Junius Johnson warns that the pursuit of beauty is both perilous and unavoidable in his book The Father of Lights: A Theology of Beauty. The desire for beauty points to the desire for God. For unbelievers, that desire for beauty, Johnson says, is “the person’s heart witnessing against them,” because beauty is particularly capable of destroying modern defenses against God.  Nonetheless, humans must be wary because we are experts in twisting good into evil, “mistaking the intermediary for the ultimate.” Johnson articulates Bonaventure’s idea of “contuition” as a way to rightly align recognition of the beautiful and recognition of God. He also brings in the concept of analogy, explaining how creation is a language God invented to speak about Himself and that, therefore, “things belong to a vocabulary of the divine.”        

•     •     •

Peter Mercer-Taylor

“There were hundreds and hundreds of these adaptations published in the United States. And I have not looked at, for example, the English scene nearly as much as the American one, but my strong sense is that there wasn’t nearly that amount of this sort of thing going on in England. And at the same time, England had a more robust tradition of classical music performance, that in the United States, it was just much rarer as a general rule, to actually have exposure to the classical music that these [hymn tunes] were based on. And so, in that sense, it’s as though these hymn tune adaptations were serving a more . . . central cultural purpose in the American context than in the English.”

— Peter Mercer-Taylor, author of Gems of Exquisite Beauty: How Hymnody Carried Classical Music to America (Oxford University Press, 2020)

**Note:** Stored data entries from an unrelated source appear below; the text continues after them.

Lemma hdist_xorc (x a b : cfg) : hdist (xorc x a) (xorc x b) = hdist a b.
Proof.
by apply: eq_card => j; rewrite !inE !ffunE; case: (x j); case: (a j); case: (b j).
Qed.

Lemma card_supp_xorc (a b : cfg) : #|supp (xorc a b)| = hdist a b.
Proof. by apply: eq_card => j; rewrite !inE ffunE; case: (a j); case: (b j). Qed.

Lemma hdist_supp (a b : cfg) :
  hdist a b = #|supp a :\: supp b| + #|supp b :\: supp a|.
Proof.
rewrite /hdist -(cardsID (supp a) [set i | a i != b i]); congr (_ + _);
by apply: eq_card => j; rewrite !inE; case: (a j); case: (b j).
Qed.

Lemma xorcK (x : cfg) : involutive (xorc x).
Proof. by move=> u; apply/ffunP => j; rewrite !ffunE addKb. Qed.

Lemma supp_indic (A : {set V}) : supp (indic A) = A.
Proof. by apply/setP => j; rewrite !inE ffunE. Qed.

Lemma indic_supp (u : cfg) : indic (supp u) = u.
Proof. by apply/ffunP => j; rewrite !ffunE inE. Qed.

Lemma odd_supp_xorc (u v : cfg) :
  odd #|supp (xorc u v)| = odd #|supp u| (+) odd #|supp v|.
Proof.
have symdiff : #|supp (xorc u v)| + (#|supp u :&: supp v|).*2 = #|supp u| + #|supp v|.
  have -> : supp (xorc u v) = (supp u :\: supp v) :|: (supp v :\: supp u).
    by apply/setP => j; rewrite !inE ffunE; case: (u j); case: (v j).
  rewrite cardsU (_ : _ :&: _ = set0) ?cards0 ?subn0; last first.
    by apply/setP => j; rewrite !inE; case: (u j); case: (v j).
  rewrite -(cardsID (supp v) (supp u)) -(cardsID (supp u) (supp v)) setIC -addnn; lia.
by rewrite -oddD -symdiff oddD odd_double addbF.
Qed.

Lemma compl_of_diff_setT (x y : cfg) : [set j | x j != y j] = setT -> y = compl x.
Proof.
move=> /setP xy; apply/ffunP => j; move: (xy j); rewrite !inE ffunE.
by case: (x j); case: (y j).
Qed.

Lemma eq_flip_off (i : V) (a b : cfg) :
  a != b -> (forall j, j != i -> a j = b j) -> a = flip i b.
Proof.
move=> ab abi; apply/ffunP => j; rewrite ffunE; case: (j =P i) => [->|/eqP ji].
  case: (boolP (a i == b i)) => [/eqP abi_i|]; last by rewrite addbT; case: (a i); case: (b i).
  by move: ab; rewrite (_ : a = b) ?eqxx //; apply/ffunP => k; case: (k =P i) => [->|/eqP /abi].
by rewrite abi ?addbF.
Qed.

Lemma hdist_on_le (D : {set V}) (a b : cfg) : hdist_on D a b <= hdist a b.
Proof. by apply: subset_leq_card; apply/subsetP => j; rewrite !inE => /andP[]. Qed.

Lemma hdist_on_off (D : {set V}) (a b : cfg) :
  (forall j, j \notin D -> a j = b j) -> hdist a b = hdist_on D a b.
Proof.
move=> abD; apply: eq_card => j; rewrite !inE.
by case: (boolP (j \in D)) => //= /abD ->; rewrite eqxx.
Qed.

Lemma eq_hdist_on (D : {set V}) (a a' b : cfg) :
  (forall j, j \in D -> a j = a' j) -> hdist_on D a b = hdist_on D a' b.
Proof.
move=> aa'; apply: eq_card => j; rewrite !inE.
by case: (boolP (j \in D)) => //= /aa' ->.
Qed.

Lemma hdist_on_flip (D : {set V}) (i : V) (a b : cfg) : i \in D ->
  hdist_on D a (flip i b) + (a i != b i) = hdist_on D a b + (a i == b i).
Proof.
move=> iD; rewrite /hdist_on (cardsD1 i [set j in D | a j != flip i b j])
  (cardsD1 i [set j in D | a j != b j]) !inE ffunE eqxx iD /=.
have -> : #|[set j in D | a j != flip i b j] :\ i| = #|[set j in D | a j != b j] :\ i|.
  by apply: eq_card => j; rewrite !inE ffunE; case: (j =P i) => //= _; rewrite addbF.
by case: (a i); case: (b i) => /=; lia.
Qed.

End Hamming.
Arguments cfg0 {V}.

Lemma sub_fixed_pointsP (V : finType) (f : config V -> config V) (I : {set V})
    (z x : config V) :
  reflect ((forall j, j \notin I -> x j = z j) /\ (forall j, j \in I -> f x j = x j))
          (x \in sub_fixed_points f I z).
Proof.
rewrite inE; apply: (iffP andP) => [[/forallP xz /forall_inP fx]|[xz fx]].
  by split => j; [move=> jI; move: (xz j); rewrite jI => /eqP | move/fx/eqP].
split; first by apply/forallP => j; apply/implyP => /xz ->.
by apply/forall_inP => j /fx ->.
Qed.

Section CircularForm.
Variables (V : finType) (f : config V -> config V).
Local Notation cfg := (config V).

Definition circular_form (s : seq V) (c : cfg) :=
  [/\ uniq s, forall v, v \in s & forall u j, f u (next s j) = u j (+) c j].

Variables (s : seq V) (c : cfg).
Hypothesis fsc : circular_form s c.

Let s_uniq : uniq s. Proof. by case: fsc. Qed.
Let s_full : forall v, v \in s. Proof. by case: fsc. Qed.
Let fE : forall u j, f u (next s j) = u j (+) c j. Proof. by case: fsc. Qed.

Lemma circular_next_inj : injective (next s).
Proof. exact: can_inj (prev_next s_uniq). Qed.

Lemma circular_fconnect a b : fconnect (next s) a b.
Proof. by rewrite (fconnect_cycle (cycle_next s_uniq) (s_full a)). Qed.

Lemma circular_nonexp : non_expansive f.
Proof.
move=> u v; rewrite /hdist.
have -> : [set i | f u i != f v i] = next s @: [set j | u j != v j].
  apply/setP => i; rewrite -(next_prev s_uniq i) mem_imset ?inE ?fE;
    last exact: circular_next_inj.
  by case: (c _); case: (u _); case: (v _).
by rewrite card_imset //; exact: circular_next_inj.
Qed.

(* [c j = x j (+) f x (next s j)], and [next s] only permutes the coordinates of [f x]. *)
Lemma odd_supp_circular x : odd #|supp c| = odd (hdist x (f x)).
Proof.
pose y : cfg := [ffun j => f x (next s j)].
have -> : supp c = supp (xorc x y).
  by apply/setP => j; rewrite !inE !ffunE fE addKb.
rewrite odd_supp_xorc; have -> : #|supp y| = #|supp (f x)|.
  rewrite -(@card_preimset _ (next s) (supp (f x)) circular_next_inj).
  by apply: eq_card => j; rewrite !inE ffunE.
by rewrite -odd_supp_xorc card_supp_xorc.
Qed.

Lemma circular_fixed_even x : f x = x -> ~~ odd #|supp c|.
Proof.
by move=> fx; rewrite (odd_supp_circular x) fx hdistxx.
Qed.

Section SubFixedPoints.
Variables (I : {set V}) (z : cfg) (a : V).
Hypothesis aI : a \notin I.

(* Walking along the cycle from [a], each coordinate in [I] is forced by its predecessor. *)
Lemma circular_sub_fixed_exists : exists x, x \in sub_fixed_points f I z.
Proof.
pose w := fix w k := if k is k'.+1 then
    (if iter k (next s) a \in I then w k' (+) c (iter k' (next s) a) else z (iter k (next s) a))
  else z a.
have wE k : iter k (next s) a \notin I -> w k = z (iter k (next s) a).
  by case: k => [|k] //= /negbTE ->.
exists [ffun j => w (findex (next s) a j)]; apply/sub_fixed_pointsP; split => j jI;
  rewrite !ffunE; have jE := iter_findex (circular_fconnect a j).
  by rewrite wE jE.
have := findex_max (circular_fconnect a j); move: jE.
case: (findex (next s) a j) => [|k] /= jE.
  by rewrite -jE (negbTE aI) in jI.
by move=> lt_k; rewrite -jE in jI *; rewrite jI fE ffunE findex_iter // ltnW.
Qed.

Lemma circular_sub_fixed_uniq x y :
  x \in sub_fixed_points f I z -> y \in sub_fixed_points f I z -> x = y.
Proof.
move=> /sub_fixed_pointsP[xz fx] /sub_fixed_pointsP[yz fy].
have xy k : x (iter k (next s) a) = y (iter k (next s) a).
  elim: k => [|k IHk] /=; first by rewrite xz ?yz.
  case: (boolP (next s (iter k (next s) a) \in I)) => [kI|/[dup] /xz -> /yz //].
  by rewrite -(fx _ kI) -(fy _ kI) !fE IHk.
by apply/ffunP => j; rewrite -(iter_findex (circular_fconnect a j)).
Qed.

End SubFixedPoints.

Lemma card_sub_fixed_circular (I : {set V}) (z : cfg) :
  I \proper [set: V] -> #|sub_fixed_points f I z| = 1.
Proof.
case/properP => _ [a _ aI]; have [x xF] := circular_sub_fixed_exists z aI.
apply/eqP/cards1P; exists x; apply/setP => y; rewrite in_set1.
by apply/idP/eqP => [yF|->//]; apply: (circular_sub_fixed_uniq aI yF xF).
Qed.

Lemma circular_two_critical : 0 < #|V| -> ~~ odd #|supp c| -> two_critical f.
Proof.
move=> /card_gt0P[a _] even_c; split; last first.
  by move=> I z _ IT; rewrite card_sub_fixed_circular.
have fixed_with b : exists2 x : cfg, x a = b & f x = x.
  have aI : a \notin [set~ a] by rewrite !inE eqxx.
  have [x /sub_fixed_pointsP[xz fx]] := circular_sub_fixed_exists [ffun _ => b] aI.
  exists x; first by rewrite xz ?ffunE.
  have le1 : hdist x (f x) <= 1.
    rewrite -(cards1 a); apply: subset_leq_card; apply/subsetP => j; rewrite !inE.
    by apply: contraR => ja; rewrite fx ?inE // eqxx.
  apply/eqP; rewrite eq_sym -hdist_eq0.
  by move: even_c le1; rewrite (odd_supp_circular x); case: (hdist x (f x)) => [|[|]].
have [x0 x0a fx0] := fixed_with false; have [x1 x1a fx1] := fixed_with true.
apply/card_gt1P; exists x0, x1; rewrite !inE fx0 fx1 !eqxx; split => //.
by apply/eqP => x01; move: x0a; rewrite x01 x1a.
Qed.

Lemma circular_zero_critical : odd #|supp c| -> zero_critical f.
Proof.
move=> odd_c; split; last first.
  by move=> I z _ IT; rewrite card_sub_fixed_circular.
apply/eqP; rewrite cards_eq0; apply/eqP/setP => x; rewrite !inE.
by apply: contraTF odd_c => /eqP /circular_fixed_even.
Qed.

End CircularForm.

Section InteractionGraph.
Variables (V : finType) (f : config V -> config V).
Local Notation cfg := (config V).

Lemma setcE (x : cfg) k b j : setc x k b j = if j == k then b else x j.
Proof. by rewrite ffunE. Qed.

Section FromCircularForm.
Variables (s : seq V) (c : cfg).
Hypothesis fsc : circular_form f s c.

Musicologist Peter Mercer-Taylor tells the story of how 19th-century American musicians adapted classical repertoire into hymn tunes in his book Gems of Exquisite Beauty: How Hymnody Carried Classical Music to America. Mercer-Taylor’s research began as an extension of his Felix Mendelssohn scholarship, specifically when he began to uncover the story of Hark, the Herald Angels Sing. This led to his discovery of many hundreds of these adaptations, specifically in the American context. While classical hymn tunes were not uncommon in England, they were more prominent in America, serving a “central cultural purpose,” since the performance of classical music was a rarity. These hymn tunes gradually fell out of vogue, but we can still see traces of the adaptations in the hymnals used today.